[Records contained in a dataset]
━━━━━━━━━━

(* Let $n\in\mathbb{Z}$ with $|n|\geq 1$, $\alpha>0$, $R>0$ and $\kappa\in\mathbb{R}$. Suppose $u$ is a nontrivial solution of the $n$-vortex equation $$(ru_r)_r-\frac{n^2}{r}u+\frac{2ru^3}{1+\alpha u^2}-2\kappa ru=0\ \text{ on } (0,R),\qquad u(0)=0,\quad u(R)=0,$$ which has finite energy, i.e. $\mathcal{E}(u)<\infty$. Then $$\kappa<\alpha^{-1}-\frac{r_0^2+n^2}{2R^2},$$ where $r_0\approx 2.404825$ is the first positive zero of the Bessel function $J_0$.
   Context: The energy functional is $\mathcal{E}(u)=\frac12\int_0^R\left\{ru_r^2+\frac{1}{r}u^2+r\ln(1+\alpha u^2)\right\}dr$, where $u=u(r)$ is a real-valued function on $[0,R]$ and $u_r=du/dr$. *)

From Stdlib Require Import Reals Lra ZArith.
From Coquelicot Require Import Coquelicot.
Open Scope R_scope.

Definition J0 (x : R) : R :=
  Series (fun k : nat => (-1) ^ k / (INR (fact k)) ^ 2 * (x / 2) ^ (2 * k)).

Definition first_pos_zero_J0 (r0 : R) : Prop :=
  0 < r0 /\ J0 r0 = 0 /\ (forall x, 0 < x < r0 -> J0 x <> 0).

(* Integrand of the energy functional (times 2). *)
Definition energy_density (alpha : R) (u : R -> R) (r : R) : R :=
  r * (Derive u r) ^ 2 + / r * (u r) ^ 2 + r * ln (1 + alpha * (u r) ^ 2).

Definition energy_is (alpha Rad : R) (u : R -> R) (E : R) : Prop :=
  is_RInt_gen (energy_density alpha u) (at_right 0) (at_left Rad) (2 * E).

(* Finite energy: the (improper) energy integral converges to a finite value
   (the density is nonnegative, so this is the same as E(u) < +oo). *)
Definition finite_energy (alpha Rad : R) (u : R -> R) : Prop :=
  exists E : R, energy_is alpha Rad u E.

Definition vortex_ode (n : Z) (alpha kappa Rad : R) (u : R -> R) : Prop :=
  (forall r, 0 < r < Rad -> ex_derive u r) /\
  (forall r, 0 < r < Rad ->
     is_derive (fun s => s * Derive u s) r
       (IZR n ^ 2 / r * u r - 2 * r * (u r) ^ 3 / (1 + alpha * (u r) ^ 2)
        + 2 * kappa * r * u r)).

Definition vortex_bc (Rad : R) (u : R -> R) : Prop :=
  u 0 = 0 /\ u Rad = 0 /\
  filterlim u (at_right 0) (locally 0) /\ filterlim u (at_left Rad) (locally 0).

From Stdlib Require Import Reals Lra ZArith Classical.
From Coquelicot Require Import Coquelicot.
Open Scope R_scope.

(* Let c = r0 / R and v r = J0 (c r), so that (r v_r)_r + c^2 r v = 0 and v > 0 on [0, R).
   Suppose the bound fails, and (replacing u by -u) u p > 0 for some p.  Then
   W = r (u_r v - u v_r) satisfies
     W_r = r u v (n^2/r^2 - 2 u^2/(1 + alpha u^2) + 2 kappa + c^2),
   whose last factor is positive because 2 u^2/(1 + alpha u^2) < 2/alpha; hence W increases
   strictly where u > 0.  If W p >= 0, then u > 0 on [p, R), since at a first zero b we would
   have W b = b u_r(b) v(b) <= 0; but W -> 0 at R because v R = 0 and r u_r stays bounded.
   If W p < 0, then u > 0 on (0, p], and W r < W p forces u_r < 0 near 0, which contradicts
   u -> 0 at 0. *)

(** * Limits and calculus on the real line *)

Lemma at_left_interval x (P : R -> Prop) :
  at_left x P <-> exists d, 0 < d /\ forall r, x - d < r < x -> P r.
Proof.
  split.
  - intros [d Hd]; exists d; split; [apply cond_pos|].
    intros r Hr; apply Hd; [|lra].
    change (Rabs (r - x) < d); rewrite Rabs_left; lra.
  - intros [d [Hd0 Hd]]; exists (mkposreal d Hd0); intros r Hr Hrx; apply Hd.
    change (Rabs (r - x) < d) in Hr; rewrite Rabs_left in Hr; lra.
Qed.

Lemma at_right_interval x (P : R -> Prop) :
  at_right x P <-> exists d, 0 < d /\ forall r, x < r < x + d -> P r.
Proof.
  split.
  - intros [d Hd]; exists d; split; [apply cond_pos|].
    intros r Hr; apply Hd; [|lra].
    change (Rabs (r - x) < d); rewrite Rabs_right; lra.
  - intros [d [Hd0 Hd]]; exists (mkposreal d Hd0); intros r Hr Hxr; apply Hd.
    change (Rabs (r - x) < d) in Hr; rewrite Rabs_right in Hr; lra.
Qed.

Lemma at_left_witness x q (P : R -> Prop) :
  q < x -> at_left x P -> exists r, q < r < x /\ P r.
Proof.
  intros Hq HP; destruct (proj1 (at_left_interval x P) HP) as [d [Hd HPd]].
  set (r := (Rmax q (x - d) + x) / 2).
  pose proof (Rmax_l q (x - d)); pose proof (Rmax_r q (x - d)).
  pose proof (Rmax_lub_lt q (x - d) x Hq ltac:(lra)).
  exists r; split; [unfold r; lra | apply HPd; unfold r; lra].
Qed.

Lemma at_right_witness x q (P : R -> Prop) :
  x < q -> at_right x P -> exists r, x < r < q /\ P r.
Proof.
  intros Hq HP; destruct (proj1 (at_right_interval x P) HP) as [d [Hd HPd]].
  set (r := (x + Rmin q (x + d)) / 2).
  pose proof (Rmin_l q (x + d)); pose proof (Rmin_r q (x + d)).
  pose proof (Rmin_glb_lt q (x + d) x Hq ltac:(lra)).
  exists r; split; [unfold r; lra | apply HPd; unfold r; lra].
Qed.

Lemma filterlim_Rabs_lt {T} {F : (T -> Prop) -> Prop} {FF : Filter F} (f : T -> R) l e :
  filterlim f F (locally l) -> 0 < e -> F (fun x => Rabs (f x - l) < e).
Proof.
  intros Hf He; exact (proj1 (filterlim_locally f l) Hf (mkposreal e He)).
Qed.

Lemma filterlim_Rabs_bounded {T} {F : (T -> Prop) -> Prop} {FF : Filter F} (f : T -> R) l :
  filterlim f F (locally l) -> F (fun x => Rabs (f x) <= Rabs l + 1).
Proof.
  intro Hf; generalize (filterlim_Rabs_lt f l 1 Hf Rlt_0_1); apply filter_imp.
  intros x Hx; pose proof (Rabs_triang_inv (f x) l); lra.
Qed.

Lemma filterlim_mult_bounded_0 {T} {F : (T -> Prop) -> Prop} {FF : Filter F} (f g : T -> R) M :
  F (fun x => Rabs (f x) <= M) -> filterlim g F (locally 0) ->
  filterlim (fun x => f x * g x) F (locally 0).
Proof.
  intros Hf Hg; apply filterlim_locally; intro e.
  assert (HM : 0 < e / (Rabs M + 1))
    by (apply Rdiv_lt_0_compat; [apply cond_pos | pose proof (Rabs_pos M); lra]).
  generalize (filter_and _ _ Hf (filterlim_Rabs_lt g 0 _ Hg HM)); apply filter_imp.
  intros x [Hfx Hgx]; change (Rabs (f x * g x - 0) < e).
  rewrite Rminus_0_r in *; rewrite Rabs_mult.
  pose proof (Rabs_pos M); pose proof (Rle_abs M).
  assert (H1 : Rabs (f x) * Rabs (g x) <= (Rabs M + 1) * Rabs (g x))
    by (apply Rmult_le_compat_r; [apply Rabs_pos | lra]).
  assert (H2 : (Rabs M + 1) * Rabs (g x) < (Rabs M + 1) * (e / (Rabs M + 1)))
    by (apply Rmult_lt_compat_l; lra).
  replace ((Rabs M + 1) * (e / (Rabs M + 1))) with (pos e) in H2 by (field; lra).
  lra.
Qed.

Lemma filterlim_minus_0 {T} {F : (T -> Prop) -> Prop} {FF : Filter F} (f g : T -> R) :
  filterlim f F (locally 0) -> filterlim g F (locally 0) ->
  filterlim (fun x => f x - g x) F (locally 0).
Proof.
  intros Hf Hg; apply filterlim_locally; intro e.
  assert (He : 0 < e / 2) by (pose proof (cond_pos e); lra).
  generalize (filter_and _ _ (filterlim_Rabs_lt f 0 _ Hf He) (filterlim_Rabs_lt g 0 _ Hg He)).
  apply filter_imp; intros x [Hfx Hgx]; change (Rabs (f x - g x - 0) < e).
  rewrite Rminus_0_r in *.
  assert (Rabs (f x - g x) <= Rabs (f x) + Rabs (g x))
    by (unfold Rminus; rewrite <- (Rabs_Ropp (g x)); apply Rabs_triang).
  lra.
Qed.

Lemma filterlim_opp_0 {T} {F : (T -> Prop) -> Prop} {FF : Filter F} (f : T -> R) :
  filterlim f F (locally 0) -> filterlim (fun x => - f x) F (locally 0).
Proof.
  intro Hf; apply filterlim_locally; intro e.
  generalize (filterlim_Rabs_lt f 0 e Hf (cond_pos e)); apply filter_imp; intros x Hx.
  change (Rabs (- f x - 0) < e); rewrite Rminus_0_r in *; rewrite Rabs_Ropp; exact Hx.
Qed.

Lemma continuity_pt_pos_locally f x :
  continuity_pt f x -> 0 < f x -> exists d, 0 < d /\ forall t, Rabs (t - x) < d -> 0 < f t.
Proof.
  intros Hc Hfx.
  destruct (proj1 (continuity_pt_locally f x) Hc (mkposreal _ Hfx)) as [d Hd].
  exists d; split; [apply cond_pos|].
  intros t Ht; specialize (Hd t Ht); simpl in Hd; apply Rabs_def2 in Hd; lra.
Qed.

Lemma is_derive_nonneg_at_root_right f a l d :
  is_derive f a l -> f a = 0 -> 0 < d -> (forall t, a < t < a + d -> 0 < f t) -> 0 <= l.
Proof.
  intros Hd Ha Hd0 Hpos; apply Rnot_lt_le; intro Hl.
  destruct (proj1 (is_derive_Reals f a l) Hd (- l) ltac:(lra)) as [e He].
  set (h := Rmin e d / 2).
  assert (Hh : 0 < h /\ h < e /\ h < d).
  { pose proof (cond_pos e); pose proof (Rmin_l e d); pose proof (Rmin_r e d).
    pose proof (Rmin_glb_lt e d 0 ltac:(lra) Hd0); unfold h; lra. }
  assert (Hq : 0 < (f (a + h) - f a) / h)
    by (rewrite Ha, Rminus_0_r; apply Rdiv_lt_0_compat; [apply Hpos|]; lra).
  specialize (He h ltac:(lra) ltac:(rewrite Rabs_right; lra)).
  apply Rabs_def2 in He; lra.
Qed.

Lemma is_derive_nonpos_at_root_left f b l d :
  is_derive f b l -> f b = 0 -> 0 < d -> (forall t, b - d < t < b -> 0 < f t) -> l <= 0.
Proof.
  intros Hd Hb Hd0 Hpos.
  assert (Hrefl : is_derive (fun t => f (- t)) (- b) (- l)).
  { replace (- l) with (-1 * l) by ring.
    apply (is_derive_comp f Ropp); [rewrite Ropp_involutive; exact Hd|].
    auto_derive; [exact I | ring]. }
  assert (0 <= - l); [|lra].
  apply (is_derive_nonneg_at_root_right _ _ _ d Hrefl);
    [rewrite Ropp_involutive; exact Hb | exact Hd0 |].
  intros t Ht; apply Hpos; lra.
Qed.

Lemma first_root_right f x z :
  x < z -> 0 < f x -> f z <= 0 -> (forall t, x <= t <= z -> continuity_pt f t) ->
  exists b, x < b <= z /\ f b = 0 /\ forall t, x <= t < b -> 0 < f t.
Proof.
  intros Hxz Hfx Hfz Hc.
  set (E := fun t => x <= t <= z /\ forall s, x <= s <= t -> 0 < f s).
  assert (Ex : E x) by (split; [lra | intros s Hs; replace s with x by lra; exact Hfx]).
  destruct (completeness E) as [b [Hub Hlub]].
  { exists z; intros t [Ht _]; lra. }
  { exists x; exact Ex. }
  assert (Hxb : x <= b) by (apply Hub, Ex).
  assert (Hbz : b <= z) by (apply Hlub; intros t [Ht _]; lra).
  assert (Hpos : forall t, x <= t < b -> 0 < f t).
  { intros t Ht; apply NNPP; intro Hft.
    assert (b <= t); [|lra].
    apply Hlub; intros e [He Hfe]; apply Rnot_lt_le; intro Hte; apply Hft, Hfe; lra. }
  assert (Hfb_nonneg : 0 <= f b).
  { apply Rnot_lt_le; intro Hfb.
    destruct (continuity_pt_pos_locally (fun t => - f t) b) as [d [Hd Hneg]].
    { apply continuity_pt_opp, Hc; lra. }
    { lra. }
    assert (Hxb' : x < b) by (destruct (Req_dec x b); [subst; lra | lra]).
    set (t := Rmax x (b - d / 2)).
    assert (Ht : x <= t < b /\ b - d / 2 <= t)
      by (unfold t; pose proof (Rmax_l x (b - d / 2)); pose proof (Rmax_r x (b - d / 2));
          pose proof (Rmax_lub_lt x (b - d / 2) b Hxb' ltac:(lra)); lra).
    specialize (Hneg t ltac:(rewrite Rabs_left; lra)); specialize (Hpos t ltac:(lra)); lra. }
  assert (Hfb_nonpos : f b <= 0).
  { apply Rnot_lt_le; intro Hfb.
    destruct (continuity_pt_pos_locally f b) as [d [Hd Hpos']]; [apply Hc; lra | exact Hfb |].
    assert (Hbz' : b < z) by (destruct (Req_dec b z); [subst; lra | lra]).
    set (t := Rmin z (b + d / 2)).
    assert (Ht : b < t <= z /\ t <= b + d / 2)
      by (unfold t; pose proof (Rmin_l z (b + d / 2)); pose proof (Rmin_r z (b + d / 2));
          pose proof (Rmin_glb_lt z (b + d / 2) b Hbz' ltac:(lra)); lra).
    assert (t <= b); [|lra].
    apply Hub; split; [lra|].
    intros s Hs; destruct (Rlt_le_dec s b); [apply Hpos; lra|].
    apply Hpos'; rewrite Rabs_right; lra. }
  exists b; split; [|split; [lra | exact Hpos]].
  split; [|exact Hbz].
  destruct (Req_dec x b) as [<- | ]; lra.
Qed.

Lemma first_root_left f z x :
  z < x -> 0 < f x -> f z <= 0 -> (forall t, z <= t <= x -> continuity_pt f t) ->
  exists a, z <= a < x /\ f a = 0 /\ forall t, a < t <= x -> 0 < f t.
Proof.
  intros Hzx Hfx Hfz Hc.
  destruct (first_root_right (fun t => f (- t)) (- x) (- z)) as [b [Hb [Hfb Hpos]]].
  - lra.
  - rewrite Ropp_involutive; exact Hfx.
  - rewrite Ropp_involutive; exact Hfz.
  - intros t Ht; apply (continuity_pt_comp Ropp f t).
    + apply continuity_pt_opp, continuity_pt_id.
    + apply Hc; lra.
  - exists (- b); split; [lra | split; [exact Hfb |]].
    intros t Ht; replace t with (- - t) by ring; apply Hpos; lra.
Qed.

Lemma lt_of_is_derive_pos f df a b :
  a < b -> (forall t, a <= t <= b -> is_derive f t (df t)) ->
  (forall t, a < t < b -> 0 < df t) -> f a < f b.
Proof.
  intros Hab Hd Hpos.
  destruct (MVT_cor2 f df a b Hab) as [c [Hfab Hc]].
  - intros t Ht; apply is_derive_Reals, Hd, Ht.
  - specialize (Hpos c Hc).
    assert (0 < df c * (b - a)) by (apply Rmult_lt_0_compat; lra); lra.
Qed.

Lemma Rabs_le_of_is_derive_bounded f df a b M :
  a < b -> (forall t, a <= t <= b -> is_derive f t (df t)) ->
  (forall t, a < t < b -> Rabs (df t) <= M) -> Rabs (f b) <= Rabs (f a) + M * (b - a).
Proof.
  intros Hab Hd Hbound.
  destruct (MVT_cor2 f df a b Hab) as [c [Hfab Hc]].
  - intros t Ht; apply is_derive_Reals, Hd, Ht.
  - replace (f b) with (f a + df c * (b - a)) by lra.
    eapply Rle_trans; [apply Rabs_triang|]; apply Rplus_le_compat_l.
    rewrite Rabs_mult, (Rabs_right (b - a)) by lra.
    apply Rmult_le_compat_r; [lra | exact (Hbound c Hc)].
Qed.

(** * The Bessel function J0 *)

Definition J0_coef (k : nat) : R := (-1) ^ k / INR (fact k) ^ 2.

Lemma J0_coef_neq0 k : J0_coef k <> 0.
Proof.
  unfold J0_coef; pose proof (INR_fact_lt_0 k).
  apply Rmult_integral_contrapositive_currified.
  - apply pow_nonzero; lra.
  - apply Rinv_neq_0_compat, pow_nonzero; lra.
Qed.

━━━━━━━━━━

## The problem
The answer is the run of lines above from the line containing "by (unfold t; pose proof (Rmin_l" through the line containing "apply Hub; split; [lra|].", copied exactly and alone.

## Exercise output
      by (unfold t; pose proof (Rmin_l z (b + d / 2)); pose proof (Rmin_r z (b + d / 2));
          pose proof (Rmin_glb_lt z (b + d / 2) b Hbz' ltac:(lra)); lra).
    assert (t <= b); [|lra].
    apply Hub; split; [lra|].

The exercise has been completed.